** MATERIAL PROVIDED follows **

Definition common_nbhd (V : finType) (g : rel V) (S : {set V}) : {set V} :=
  [set v | [forall x in S, g x v]].

Section Bicliques.
Variables (V : finType) (g : rel V) (c : V -> bool).
Hypothesis g_sym : symmetric g.
Hypothesis c_proper : forall x y, g x y -> c x != c y.

Local Notation N := (common_nbhd g).
Local Notation side := (side c).

Lemma common_nbhdP (S : {set V}) v : reflect (forall x, x \in S -> g x v) (v \in N S).
Proof. by rewrite inE; apply: (iffP forall_inP). Qed.

Lemma common_nbhdS (S S' : {set V}) : S \subset S' -> N S' \subset N S.
Proof.
move=> sub_SS'; apply/subsetP => v /common_nbhdP adj_S'v.
by apply/common_nbhdP => x /(subsetP sub_SS'); apply: adj_S'v.
Qed.

Lemma sub_common_nbhdC (A B : {set V}) : (A \subset N B) = (B \subset N A).
Proof.
suff imp (A' B' : {set V}) : A' \subset N B' -> B' \subset N A' by apply/idP/idP; apply: imp.
move=> /subsetP sub_AB; apply/subsetP => y yB; apply/common_nbhdP => x /sub_AB.
by move/common_nbhdP/(_ y yB); rewrite g_sym.
Qed.

Lemma sub_common_nbhd2 (S : {set V}) : S \subset N (N S).
Proof. by rewrite sub_common_nbhdC. Qed.

Lemma common_nbhd_colour (S : {set V}) x v : x \in S -> v \in N S -> c v = ~~ c x.
Proof. by move=> xS /common_nbhdP/(_ x xS)/c_proper; case: (c x); case: (c v). Qed.

Lemma cbip_adjE (P : {set V}) : is_cbip g P ->
  (forall b, side P b != set0) /\ {in P &, forall x y, g x y = (c x != c y)}.
Proof.
case/existsP=> A /existsP[B] /and5P[/eqP defP disjAB /set0Pn[a0 a0A] /set0Pn[b0 b0B]].
move=> /forall_inP adjAB.
have inP x : x \in A \/ x \in B -> x \in P by rewrite -defP inE => /orP.
have a0P : a0 \in P by apply: inP; left.
have b0P : b0 \in P by apply: inP; right.
have inBE x : x \in P -> (x \in B) = ~~ (x \in A).
  rewrite -defP inE => /orP[xA|xB]; first by rewrite xA (disjointFr disjAB xA).
  by rewrite xB (disjointFl disjAB xB).
have adjPE x y : x \in P -> y \in P -> g x y = (x \in A) (+) (y \in A).
  move=> xP yP; move/forall_inP: (adjAB x xP) => /(_ y yP)/eqP ->.
  by rewrite !inBE //; case: (x \in A); case: (y \in A).
have b0A : b0 \in A = false by apply: (disjointFl disjAB).
have colP x : x \in P -> c x = (x \in A) (+) c b0.
  move=> xP; case xA: (x \in A).
    have /c_proper : g x b0 by rewrite adjPE // xA b0A.
    by case: (c x); case: (c b0).
  have /c_proper : g a0 x by rewrite adjPE // xA a0A.
  have /c_proper : g a0 b0 by rewrite adjPE // a0A b0A.
  by case: (c x); case: (c b0); case: (c a0).
split=> [b|x y xP yP]; last first.
  rewrite adjPE // (colP x xP) (colP y yP).
  by case: (x \in A); case: (y \in A); case: (c b0).
apply/set0Pn; case: (boolP (c a0 == b)) => [ca0|ca0].
  by exists a0; rewrite in_side a0P.
by exists b0; rewrite in_side b0P; move: ca0; rewrite (colP a0 a0P) a0A; case: b; case: (c b0).
Qed.

Lemma cbipP (P : {set V}) :
  is_cbip g P <->
  (forall b, side P b != set0) /\ {in P &, forall x y, g x y = (c x != c y)}.
Proof.
split=> [|[sidesP adjP]]; first exact: cbip_adjE.
apply/existsP; exists (side P true); apply/existsP; exists (side P false).
rewrite sides_cover eqxx !sidesP /=; apply/andP; split.
  rewrite -setI_eq0; apply/eqP/setP => v; rewrite !inE.
  by case: (v \in P); case: (c v).
apply/forall_inP => x xP; apply/forall_inP => y yP.
by rewrite !in_side xP yP adjP //; case: (c x); case: (c y).
Qed.

Lemma adj_same_colour x y : c x = c y -> g x y = false.
Proof. by move=> cxy; apply: contraTF (c_proper (x := x) (y := y)) _; rewrite cxy eqxx. Qed.

Lemma side_adj (P : {set V}) b x y :
  {in P &, forall x y, g x y = (c x != c y)} ->
  x \in side P b -> y \in side P (~~ b) -> g x y.
Proof.
move=> adjP; rewrite !in_side => /andP[xP /eqP cx] /andP[yP /eqP cy].
by rewrite adjP // cx cy; case: b {cx cy}.
Qed.

Lemma biclique_side_neq0 (P : {set V}) b : biclique g P -> side P b != set0.
Proof. by move/maxsetp/cbip_adjE => [sidesP _]. Qed.

(* Maximality: each side of a biclique is the common neighbourhood of the other,
   since adding N(P_b) to P keeps the set complete bipartite. *)
Lemma biclique_nbhd (P : {set V}) b : biclique g P -> N (side P b) = side P (~~ b).
Proof.
move=> bicP; have [sidesP adjP] := cbip_adjE (maxsetp bicP).
set M := N (side P b).
have colM y : y \in M -> c y = ~~ b.
  case/set0Pn: (sidesP b) => x xPb /(common_nbhd_colour xPb).
  by move: xPb; rewrite in_side => /andP[_ /eqP ->].
have side_sub : side P (~~ b) \subset M.
  by apply/subsetP => y yP; apply/common_nbhdP => x xP; apply: side_adj yP.
have cbipPM : is_cbip g (P :|: M).
  apply/cbipP; split=> [b'|x y].
    by apply: subset_neq0 (sidesP b'); apply/setSI/subsetUl.
  have adjPM u w : u \in P -> w \in M -> g u w = (c u != c w).
    move=> uP wM; rewrite (colM w wM); case: (eqVneq (c u) b) => [cu|].
      by rewrite cu (common_nbhdP _ _ wM) ?in_side ?uP ?cu //; rewrite -cu; case: (c u).
    by rewrite neq_negb => /eqP cu; rewrite adj_same_colour ?cu ?colM ?eqxx.
  rewrite !in_setU => /orP[xP|xM] /orP[yP|yM]; [exact: adjP|exact: adjPM|..].
  - by rewrite g_sym adjPM // eq_sym.
  - by rewrite adj_same_colour ?colM ?eqxx.
have subMP : M \subset P by rewrite -(maxsetsup bicP cbipPM (subsetUl _ _)) subsetUr.
apply/eqP; rewrite eqEsubset side_sub andbT.
by apply/subsetP => y yM; rewrite in_side (subsetP subMP y yM) (colM y yM) eqxx.
Qed.

Lemma closed_sides_biclique (P : {set V}) :
  (forall b, side P b != set0 /\ N (side P b) = side P (~~ b)) -> biclique g P.
Proof.
move=> closedP.
have adjP : {in P &, forall x y, g x y = (c x != c y)}.
  move=> x y xP yP; case: (eqVneq (c x) (c y)) => [cxy|ncxy]; first exact: adj_same_colour.
  have [_ closed] := closedP (c x).
  have : y \in N (side P (c x)) by rewrite closed in_side yP -neq_negb eq_sym.
  by move/common_nbhdP; apply; rewrite in_side xP eqxx.
have cbipP' : is_cbip g P by apply/cbipP; split=> // b; case: (closedP b).
apply/maxsetP; split=> // Q /cbipP[_ adjQ] subPQ; apply/eqP; rewrite eqEsubset subPQ andbT.
apply/subsetP => v vQ; have [_ closed] := closedP (~~ c v).
have : v \in side P (~~ ~~ c v).
  rewrite -closed; apply/common_nbhdP => x; rewrite in_side => /andP[xP /eqP cx].
  have xQ : x \in Q := subsetP subPQ x xP.
  by rewrite adjQ // cx; case: (c v).
by rewrite in_side => /andP[].
Qed.

Lemma side_monochrome (S : {set V}) b :
  (forall x, x \in S -> c x = b) -> side S b = S /\ side S (~~ b) = set0.
Proof.
move=> colS; split; apply/setP => v; rewrite in_side ?inE;
  case: (boolP (v \in S)) => // /colS ->; rewrite ?eqxx //.
by case: (b).
Qed.

Section ClosedSet.
Variables (A : {set V}) (b : bool).
Hypothesis A_colour : forall x, x \in A -> c x = b.
Hypothesis A_neq0 : A != set0.

Lemma side_closed_pair : side (A :|: N A) b = A /\ side (A :|: N A) (~~ b) = N A.
Proof.
have col_N y : y \in N A -> c y = ~~ b.
  by case/set0Pn: A_neq0 => a aA /(common_nbhd_colour aA) ->; rewrite A_colour.
have [sideA sideA'] := side_monochrome A_colour.
have [sideN' sideN] := side_monochrome col_N; rewrite negbK in sideN.
by rewrite !sideU sideA sideA' sideN sideN' setU0 set0U.
Qed.

Lemma closed_biclique : N A != set0 -> N (N A) = A -> biclique g (A :|: N A).
Proof.
move=> NA_neq0 NNA; have [sideA sideN] := side_closed_pair.
apply: closed_sides_biclique => b'.
have [->|->] : b' = b \/ b' = ~~ b by case: b'; case: (b); auto.
  by rewrite sideA sideN.
by rewrite negbK sideA sideN.
Qed.
End ClosedSet.

Lemma biclique_side_antitone (P Q : {set V}) b : biclique g P -> biclique g Q ->
  side P b \subset side Q b -> side Q (~~ b) \subset side P (~~ b).
Proof. by move=> bicP bicQ; rewrite -!biclique_nbhd //; apply: common_nbhdS. Qed.

Lemma biclique_side_subE (P Q : {set V}) b : biclique g P -> biclique g Q ->
  (side P b \subset side Q b) = (side Q (~~ b) \subset side P (~~ b)).
Proof.
move=> bicP bicQ; apply/idP/idP; first exact: biclique_side_antitone.
by move/(biclique_side_antitone bicQ bicP); rewrite negbK.
Qed.

(* Intersections of same-coloured sides of bicliques are again sides of
   bicliques, when nonempty: this provides the meets needed for IIC. *)
Lemma biclique_meet (P Q : {set V}) b : biclique g P -> biclique g Q ->
  side P b :&: side Q b != set0 ->
  exists2 R, biclique g R & side R b = side P b :&: side Q b.
Proof.
move=> bicP bicQ S_neq0; set S := side P b :&: side Q b.
have S_colour x : x \in S -> c x = b by rewrite !inE => /andP[/andP[_ /eqP]].
have nbhd_sub R : biclique g R -> S \subset side R b -> N (N S) \subset side R b.
  move=> bicR /common_nbhdS; rewrite biclique_nbhd // => /common_nbhdS.
  by rewrite biclique_nbhd // negbK.
have NS_neq0 : N S != set0.
  apply: subset_neq0 (biclique_side_neq0 (~~ b) bicP).
  by rewrite -biclique_nbhd //; apply/common_nbhdS/subsetIl.
have NNS : N (N S) = S.
  apply/eqP; rewrite eqEsubset sub_common_nbhd2 andbT subsetI.
  by rewrite !nbhd_sub ?subsetIl ?subsetIr.
exists (S :|: N S); first exact: closed_biclique S_colour S_neq0 NS_neq0 NNS.
by have [] := side_closed_pair S_colour S_neq0.
Qed.

End Bicliques.

(* Stating both conditions makes antisymmetry hold for any
   graph; for bicliques of a properly coloured graph either one suffices. *)
Definition biclique_le (V : finType) (g : rel V) (c : V -> bool) (P Q : KB_type g) : bool :=
  (side c (val P) true \subset side c (val Q) true) &&
  (side c (val Q) false \subset side c (val P) false).

Definition KB_poset (V : finType) (g : rel V) (c : V -> bool) : Type := KB_type g.
HB.instance Definition _ V g c := Finite.on (@KB_poset V g c).

Lemma biclique_le_refl V g c : reflexive (@biclique_le V g c).
Proof. by move=> P; rewrite /biclique_le !subxx. Qed.

Lemma biclique_le_trans V g c : transitive (@biclique_le V g c).
Proof.
move=> Q P R /andP[PQt QPf] /andP[QRt RQf].
by rewrite /biclique_le (subset_trans PQt QRt) (subset_trans RQf QPf).
Qed.

Lemma biclique_le_anti V g c : antisymmetric (@biclique_le V g c).
Proof.
move=> P Q /andP[/andP[PQt QPf] /andP[QPt PQf]]; apply: val_inj.
rewrite -(sides_cover c (val P)) -(sides_cover c (val Q)).
by congr (_ :|: _); apply/eqP; rewrite eqEsubset ?PQt ?QPt ?PQf ?QPf.
Qed.

HB.instance Definition _ V g c := Order.Le_isPOrder.Build (Order.Disp tt tt)
  (@KB_poset V g c) (@biclique_le_refl V g c) (@biclique_le_anti V g c)
  (@biclique_le_trans V g c).

Section BicliqueOrder.
Variables (V : finType) (g : rel V) (c : V -> bool).
Hypothesis g_sym : symmetric g.
Hypothesis c_proper : forall x y, g x y -> c x != c y.
Local Notation side := (side c).
Local Notation KB := (KB_poset g c).
Local Open Scope order_scope.

Lemma KB_le_true (P Q : KB) : (P <= Q) = (side (val P) true \subset side (val Q) true).
Proof.
apply: andb_idr; rewrite (biclique_side_subE g_sym c_proper) //; exact: valP.
Qed.

Lemma KB_le_false (P Q : KB) : (P <= Q) = (side (val Q) false \subset side (val P) false).
Proof.
apply: andb_idl; rewrite (biclique_side_subE g_sym c_proper) //; exact: valP.
Qed.

Lemma KB_meet (u v : KB) b : side (val u) b :&: side (val v) b != set0 ->
  exists R : KB, side (val R) b = side (val u) b :&: side (val v) b.
Proof.
case/(biclique_meet g_sym c_proper (valP u) (valP v)) => R bicR sideR.
by exists (exist _ R bicR : KB_type g).
Qed.

Lemma KB_common_side (y u v : KB) b :
  side (val y) b \subset side (val u) b -> side (val y) b \subset side (val v) b ->
  side (val u) b :&: side (val v) b != set0.
Proof.
move=> yu yv; apply: subset_neq0 (biclique_side_neq0 c_proper b (valP y)).
by rewrite subsetI yu yv.
Qed.

(* Common lower bounds give a true-side meet, common upper bounds a false-side
   meet. *)
Lemma KB_IIC : IIC KB.
Proof.
move=> u v; split=> -[y /andP[]].
  rewrite !KB_le_true => yu yv; have [R sideR] := KB_meet (KB_common_side yu yv).
  by exists R => z; rewrite !KB_le_true sideR subsetI.
rewrite !KB_le_false => yu yv; have [R sideR] := KB_meet (KB_common_side yu yv).
by exists R => z; rewrite !KB_le_false sideR subsetI.
Qed.

(* Bicliques intersect iff they have a common bound: a shared vertex of colour b
   yields the meet of the b-sides. *)
Lemma KB_intersectE (P Q : KB) : (val P :&: val Q != set0) = common_bound P Q.
Proof.
apply/idP/existsP => [/set0Pn[x]|[R /orP[] /andP[]]]; last first.
- rewrite !KB_le_false => PR QR; apply: subset_neq0 (KB_common_side PR QR).
  by apply: setISS; apply: subsetIl.
- rewrite !KB_le_true => RP RQ; apply: subset_neq0 (KB_common_side RP RQ).
  by apply: setISS; apply: subsetIl.
rewrite inE => /andP[xP xQ].
have : side (val P) (c x) :&: side (val Q) (c x) != set0.
  by apply/set0Pn; exists x; rewrite !inE xP xQ eqxx.
case/KB_meet => R sideR; exists R.
case: (c x) sideR => sideR; apply/orP; [left|right].
  by rewrite !KB_le_true sideR subsetIl subsetIr.
by rewrite !KB_le_false sideR subsetIl subsetIr.
Qed.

** End of MATERIAL PROVIDED **

§ **EXERCISE INSTRUCTIONS**: Set down precisely the lines above between the line holding "by apply/subsetP => y yP;" and the line holding "move=> uP wM;", inclusive, and nothing beyond them.

§ **COMPLETED TASK**:
  by apply/subsetP => y yP; apply/common_nbhdP => x xP; apply: side_adj yP.
have cbipPM : is_cbip g (P :|: M).
  apply/cbipP; split=> [b'|x y].
    by apply: subset_neq0 (sidesP b'); apply/setSI/subsetUl.
  have adjPM u w : u \in P -> w \in M -> g u w = (c u != c w).
    move=> uP wM; rewrite (colM w wM); case: (eqVneq (c u) b) => [cu|].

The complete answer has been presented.